Time-Domain Atomistic Theory and Simulation of Excitation Dynamics on the Nanoscale

时域原子理论与纳米尺度激发动力学模拟

• 批准号: 1300118
• 负责人: Oleg Prezhdo
• 金额: $ 48万
• 依托单位: University of Rochester
• 依托单位国家: 美国
• 项目类别: Continuing Grant
• 财政年份: 2013
• 资助国家: 美国
• 起止时间: 2013-03-15 至 2015-04-30
• 项目状态: 已结题
• 来源: https://www.nsf.gov/awardsearch/showAward?AWD_ID=1300118&HistoricalAwards=false
• 关键词: Time; Domain; Atomistic; Theory; Simulation

Oleg Prezhdo of the University of Rochester is supported by an award from the Chemical Theory, Models and Computational Methods program for the development of novel simulations approaches for nonadiabatic and semiclassical molecular dynamics, their implementation within time-domain density functional theory and the investigation of the fundamental questions posed in the recent time-resolved experiments performed on nanoscale materials. This work provides a detailed, atomistic picture of photo excitation dynamics in real-time and in direct connection with experiment. The research focuses on the quantum properties of condensed phase environments at the nanoscale, such as decoherence, state-specific dynamics, zero-point energy, and non-adiabatic transitions, providing more rigorous treatments of ultrafast phenomena. These methods are applied to the excitation dynamics in novel nanomaterials, including wet-electrons, carbon nanotubes and nanoribbons, and metallic particles.The PI and his coworkers develop methods to study many important features of nanoscale systems. These studies are the first to provide the highly desirable details and understanding of many experimentally observed phenomena, generating the theoretical basis for the development of novel materials and devices. These include solar cells that enhance light harvesting and charge generation due to nanoscale features of the proposed architectures, batteries capable of high power storage as a result of large surface area of the nanoscale materials used, miniature electronic and spintronics devices approaching one atom thickness, and tools for biological imaging, drug delivery and DNA sequencing. The PI also develops novel teaching approaches for use both in introductory and advanced chemistry courses.

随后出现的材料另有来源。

(* Let $k\ge 1$ and let $A_1,\dots,A_{2k-1}$ be (possibly empty) balanced parenthesis sequences inducing ordered matchings $M_1,\dots,M_{2k-1}$ respectively. Define parenthesis sequences $B_k=(A_k)$ and, for $j=k-1,k-2,\dots,1$, $B_j=(A_j\,B_{j+1}\,A_{2k-j})$ (concatenation inside one new pair of parentheses), so that $B_1=(A_1(A_2(\cdots(A_{k-1}(A_k)A_{k+1})\cdots)A_{2k-2})A_{2k-1})$. Then $B_1$ is a balanced parenthesis sequence; let $M$ be the matching it induces. Then $$r_<(M,K_3)\le r_<(NM_{k+t},K_3),\qquad\text{where } t=\sum_{i=1}^{k}\max\big(r_<(M_i,K_3),\,r_<(M_{2k-i},K_3)\big).$$
   Context: An ordered graph on $[N]$ is a graph with vertex set $\{1,\dots,N\}$ equipped with the natural order. Given a red/blue coloring of the edges of the complete graph on $[N]$, a red (ordered) copy of an ordered graph $G$ on $[p]$ is a strictly increasing map $\varphi:[p]\to[N]$ such that $\varphi(u)\varphi(v)$ is red for every edge $uv$ of $G$. The ordered Ramsey number $r_<(G,K_3)$ is the smallest $N$ such that every red/blue coloring of the edges of the complete graph on $[N]$ contains either a red ordered copy of $G$ or a blue triangle. A balanced parenthesis sequence of length $2m$ is a string of $m$ open and $m$ close parentheses that is correctly matched; it induces the ordered matching on $[2m]$ whose edges are the pairs $\{i,j\}$ such that the parenthesis in position $i$ is an open parenthesis matched with the close parenthesis in position $j$. The empty sequence induces the empty matching on $0$ vertices. The nested matching $NM_k$ is the ordered graph on $[2k]$ in which $\{i,j\}$ is an edge if and only if $i+j=2k+1$. *)

From Stdlib Require Import ClassicalDescription.
From mathcomp Require Import all_boot.
Set Implicit Arguments. Unset Strict Implicit. Unset Printing Implicit Defensive.

(* Vertices of an ordered graph on [p] are represented 0-indexed by 0..p-1
   (order-isomorphic to 1..p). Edges: oe u v for u < v < ov. *)
Record ograph := OGraph { ov : nat; oe : nat -> nat -> bool }.

(* A red/blue coloring of K_N on 'I_N: col (x,y) for x < y; true = red. *)
Definition coloring (N : nat) := {ffun 'I_N * 'I_N -> bool}.

Definition red N (col : coloring N) (x y : 'I_N) : bool :=
  if (x < y)%N then col (x, y) else col (y, x).
Lemma count_reinsert_out (b : T) u w : b \notin G ->
  count_mem b (reinsert u w) = count_mem b w.
Proof.
move=> b_notin_G; rewrite count_cat count_filter count_map.
rewrite [count (preim _ _) u](eq_count (a2 := pred0)) ?count_pred0 ?add0n; last first.
  by move=> y /=; case: eqP => // eq_yb; move: b_notin_G; rewrite -eq_yb (valP y).
by apply: eq_count => x /=; case: eqP => // ->; rewrite b_notin_G.
Qed.

(* Count invariance is inherited by the projection: the letters of a word u
   over Gamma are put back in place of those of a preimage w. *)
Lemma proj_count_invariant (h : nat -> nat) (L : lang T) :
  count_invariant h L -> count_invariant h (proj_lang G L).
Proof.
move=> invL _ u [w [Lw ->]] counts_u.
exists (reinsert u w); split; last by rewrite proj_reinsert.
apply: invL Lw _ => b; have [b_in_G | b_notin_G] := boolP (b \in G).
  pose c : subalph G := Sub b b_in_G.
  have -> : b = val c by rewrite SubK.
  by rewrite count_reinsert_in counts_u count_proj_word.
by rewrite count_reinsert_out.
Qed.

End Projection.

Section StarFreeClosure.
Variable T : finType.
Implicit Types A B : lang T.

Lemma star_free_ext A B : star_free A -> (forall w, A w <-> B w) -> star_free B.
Proof. by move=> [e sem_e] eqAB; exists e => w; rewrite -eqAB. Qed.

Lemma star_free_compl A : star_free A -> star_free (fun w => ~ A w).
Proof. by case=> e sem_e; exists (SFCompl e) => w /=; rewrite sem_e. Qed.

Lemma star_free_inter A B : star_free A -> star_free B -> star_free (fun w => A w /\ B w).
Proof. by case=> e sem_e [f sem_f]; exists (SFInter e f) => w /=; rewrite sem_e sem_f. Qed.

Lemma star_free_union A B : star_free A -> star_free B -> star_free (fun w => A w \/ B w).
Proof. by case=> e sem_e [f sem_f]; exists (SFUnion e f) => w /=; rewrite sem_e sem_f. Qed.

Lemma star_free_const (P : Prop) : star_free (fun _ : seq T => P).
Proof.
have [HP | nHP] := classic P.
  by exists (SFFull T).
by exists (SFCompl (SFFull T)) => w /=; split.
Qed.

Lemma star_free_exists (I : finType) (A : I -> lang T) :
  (forall i, star_free (A i)) -> star_free (fun w => exists i, A i w).
Proof.
move=> sfA.
suff sf_in (s : seq I) : star_free (fun w => exists2 i, i \in s & A i w).
  apply: star_free_ext (sf_in (enum I)) _ => w.
  by split=> [[i _ Aiw] | [i Aiw]]; exists i; rewrite ?mem_enum.
elim: s => [|i s IH].
  by apply: star_free_ext (star_free_const False) _ => w; split=> // -[].
apply: star_free_ext (star_free_union (sfA i) IH) _ => w; split.
  case=> [Aiw | [j j_in_s Ajw]]; first by exists i; rewrite ?mem_head.
  by exists j; rewrite ?inE ?j_in_s ?orbT.
by case=> j; rewrite inE => /orP [/eqP -> | j_in_s] Ajw; [left | right; exists j].
Qed.

Lemma star_free_forall (I : finType) (A : I -> lang T) :
  (forall i, star_free (A i)) -> star_free (fun w => forall i, A i w).
Proof.
move=> sfA; apply: star_free_ext
  (star_free_compl (star_free_exists (fun i => star_free_compl (sfA i)))) _ => w.
split=> [nex i | all_A [i]]; last exact.
by apply: NNPP => nAiw; apply: nex; exists i.
Qed.

Fixpoint sf_atleast (b : T) (k : nat) : sfexp T :=
  if k is k'.+1 then SFCat (SFFull T) (SFCat (SFSym b) (sf_atleast b k')) else SFFull T.

Lemma sf_atleastP (b : T) k w : sf_sem (sf_atleast b k) w <-> k <= count_mem b w.
Proof.
elim: k w => [|k IH] w //=; split.
  case=> x [y [-> [_ [p [q [-> [-> /IH q_has_k]]]]]]].
  rewrite !count_cat /= eqxx addn0 add1n addnS ltnS.
  exact: leq_trans q_has_k (leq_addl _ _).
elim: w => [|c w IHw] //=; have [-> | neq_cb] := eqVneq c b.
  rewrite /= add1n ltnS => /IH w_has_k.
  by exists [::], (b :: w); split=> //; split=> //; exists [:: b], w.
rewrite /= add0n => /IHw [x [y [-> [_ sem_y]]]].
by exists (c :: x), y.
Qed.
(* Let $Q(z)\not\equiv0$ be a $k\times k$ Hermite matrix of Laurent polynomials that is diagonally dominant and satisfies $\operatorname{len}(Q_{1,1})\le\dots\le\operatorname{len}(Q_{k,k})$. Let $b(z)$ be a column vector of $k$ Laurent polynomials such that $\operatorname{ldeg}(b_\ell)\ge\operatorname{ldeg}(Q_{\ell,\ell})$ for every $\ell$ with $b_\ell\not\equiv0$. Then there exists a column vector $X(z)$ of $k$ Laurent polynomials such that $Y(z):=b(z)-Q(z)X(z)$ satisfies, for all $\ell=1,\dots,k$, $$\operatorname{fs}(Y_\ell)\subsetneq\operatorname{fs}(Q_{\ell,\ell})\quad\text{and}\quad\deg(Y_\ell)<\deg(Q_{\ell,\ell}).$$
   Context: For a matrix $U(z)=\sum_kU_kz^k$ of Laurent polynomials, $U^\star(z):=\sum_k\overline{U_k}^Tz^{-k}$; Hermite means $Q^\star=Q$. For a Laurent polynomial $u\not\equiv0$: $\deg(u)$ is its highest degree, $\operatorname{ldeg}(u)$ its lowest degree, $\operatorname{len}(u):=\deg(u)-\operatorname{ldeg}(u)$, $\operatorname{fs}(u):=[\operatorname{ldeg}(u),\deg(u)]$; for $u\equiv0$, $\operatorname{len}(u)=\deg(u):=-\infty$ and $\operatorname{fs}(u):=\emptyset$. A $k\times k$ matrix $Q$ of Laurent polynomials is diagonally dominant at the diagonal entry $s$ if (1) for all $i\ne s$: $\operatorname{fs}(Q_{i,s})\subsetneq\operatorname{fs}(Q_{s,s})$ and $\operatorname{fs}(Q_{s,i})\subsetneq\operatorname{fs}(Q_{s,s})$; (2) for all $i>s$: $\deg(Q_{s,i})<\deg(Q_{s,s})$. $Q$ is diagonally dominant if this holds at every diagonal entry. *)

From HB Require Import structures.
From mathcomp Require Import all_boot all_order all_algebra.
Set Implicit Arguments. Unset Strict Implicit. Unset Printing Implicit Defensive.
Import Order.TTheory GRing.Theory Num.Theory.
Local Open Scope ring_scope.

Section Laurent.
Variable C : numClosedFieldType.

(* u = lpoly u (z) * z ^ (lshift u) *)
Record laurent := Laurent { lpoly : {poly C}; lshift : int }.

Definition lcoef (u : laurent) (n : int) : C :=
  match (n - lshift u)%R with Posz i => (lpoly u)`_i | Negz _ => 0 end.

Definition lnull (u : laurent) : bool := lpoly u == 0.

Definition leqv (u v : laurent) : Prop := forall n, lcoef u n = lcoef v n.

Definition lzero : laurent := Laurent 0 0.
Definition ladd (u v : laurent) : laurent :=
  let s := Order.min (lshift u) (lshift v) in
  Laurent (lpoly u * 'X^(`|lshift u - s|%N) + lpoly v * 'X^(`|lshift v - s|%N)) s.
Definition lopp (u : laurent) : laurent := Laurent (- lpoly u) (lshift u).
Definition lsub (u v : laurent) : laurent := ladd u (lopp v).
Definition lmul (u v : laurent) : laurent :=
  Laurent (lpoly u * lpoly v) (lshift u + lshift v).
(* u^*(z) = sum_k conj(u_k) z^{-k} *)
Definition lstar (u : laurent) : laurent :=
  let p := lpoly u in let d := (size p).-1 in
  Laurent (\poly_(i < size p) (p`_(d - i))^*) (- (lshift u + d%:Z)).

(* deg, ldeg, len for a nonzero u (values for u = 0 handled below) *)
Definition ldeg (u : laurent) : int := lshift u + (find (fun c => c != 0) (lpoly u))%:Z.
Definition hdeg (u : laurent) : int := lshift u + ((size (lpoly u)).-1)%:Z.
(* deg and len with -oo encoded as None *)
Definition deg (u : laurent) : option int := if lnull u then None else Some (hdeg u).
Definition len (u : laurent) : option int :=
  if lnull u then None else Some (hdeg u - ldeg u).

Definition olt (a b : option int) : bool :=
  match a, b with
  | _, None => false | None, Some _ => true | Some x, Some y => x < y end.
Definition ole (a b : option int) : bool :=
  match a, b with
  | None, _ => true | Some _, None => false | Some x, Some y => x <= y end.

Definition in_fs (u : laurent) (n : int) : bool :=
  ~~ lnull u && (ldeg u <= n <= hdeg u).

Definition fs_ssub (u v : laurent) : Prop :=
  (forall n, in_fs u n -> in_fs v n) /\ (exists n, in_fs v n && ~~ in_fs u n).

Definition lmat (k : nat) := 'I_k -> 'I_k -> laurent.
Definition lvec (k : nat) := 'I_k -> laurent.

Definition lmulmv (k : nat) (Q : lmat k) (X : lvec k) : lvec k :=
  fun i => \big[ladd/lzero]_(j < k) lmul (Q i j) (X j).

Definition hermite (k : nat) (Q : lmat k) : Prop :=
  forall i j, leqv (lstar (Q j i)) (Q i j).

Definition diag_dominant_at (k : nat) (Q : lmat k) (s : 'I_k) : Prop :=
  (forall i, i != s -> fs_ssub (Q i s) (Q s s) /\ fs_ssub (Q s i) (Q s s)) /\
  (forall i : 'I_k, (s < i)%N -> olt (deg (Q s i)) (deg (Q s s))).

Definition diag_dominant (k : nat) (Q : lmat k) : Prop :=
  forall s, diag_dominant_at Q s.

End Laurent.

From Pilot Require Import Defs.
From HB Require Import structures.
From mathcomp Require Import all_boot all_order all_algebra.
From mathcomp Require Import zify.
Set Implicit Arguments.
Unset Strict Implicit.
Unset Printing Implicit Defensive.
Import Order.TTheory GRing.Theory Num.Theory.
Local Open Scope ring_scope.

(* Multiplying by a large power z^N turns every entry into a polynomial, and the
   claim becomes a reduction of b modulo the columns of Q.  The coefficient of
   Q_jj at deg Q_jj is nonzero, so a monomial multiple of column j cancels the
   coefficient of b_j at deg Q_jj + M.  In row i that column reaches at most
   deg Q_ii + M, and only strictly less when i < j (condition (2) of diagonal
   dominance); hence sweeping j = 1, ..., k lowers the level M by one.  All
   coefficients stay at or above ldeg Q_ii by condition (1) and the hypothesis
   on b. *)

Section LaurentCoefficients.
Variable C : numClosedFieldType.
Implicit Types (u v : laurent C) (n : int).

(* z^N u(z) as a polynomial, valid when N >= - lshift u. *)
Definition ltopoly (N : nat) u : {poly C} :=
  lpoly u * 'X^(absz (Defs.lshift u + N%:Z)).

Lemma coef_ltopoly u (N m : nat) :
  0 <= Defs.lshift u + N%:Z -> (ltopoly N u)`_m = lcoef u (m%:Z - N%:Z).
Proof.
move=> uN; rewrite /lcoef coefMXn; case: ltnP => hm.
  have : m%:Z - N%:Z - Defs.lshift u < 0 by lia.
  by case: (m%:Z - N%:Z - Defs.lshift u) => // x; lia.
by have -> : m%:Z - N%:Z - Defs.lshift u = Posz (m - absz (Defs.lshift u + N%:Z)) by lia.
Qed.

Lemma lcoef_lt_lshift u n : n < Defs.lshift u -> lcoef u n = 0.
Proof.
rewrite /lcoef => ltn; have : n - Defs.lshift u < 0 by lia.
by case: (n - Defs.lshift u) => // x; lia.
Qed.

罗切斯特大学的奥列格·普雷日多 (Oleg Prezhdo) 获得了化学理论、模型和计算方法项目的奖项，以表彰其开发非绝热和半经典分子动力学的新颖模拟方法、它们在时域密度泛函理论中的实现以及对最近在纳米级材料上进行的时间分辨实验提出了基本问题。这项工作提供了实时且与实验直接相关的光激发动力学的详细原子图。该研究重点关注纳米尺度凝聚相环境的量子特性，例如退相干、特定态动力学、零点能量和非绝热跃迁，为超快现象提供更严格的处理。这些方法适用于新型纳米材料的激发动力学，包括湿电子、碳纳米管和纳米带以及金属颗粒。PI 和他的同事开发了研究纳米级系统的许多重要特征的方法。这些研究首次提供了许多实验观察到的现象的非常理想的细节和理解，为新型材料和设备的开发提供了理论基础。其中包括由于所提出的架构的纳米级特征而增强光收集和电荷产生的太阳能电池、由于所使用的纳米级材料的大表面积而能够高功率存储的电池、接近一个原子厚度的微型电子和自旋电子器件，以及用于生物成像、药物输送和 DNA 测序的工具。 PI 还开发了用于入门和高级化学课程的新颖教学方法。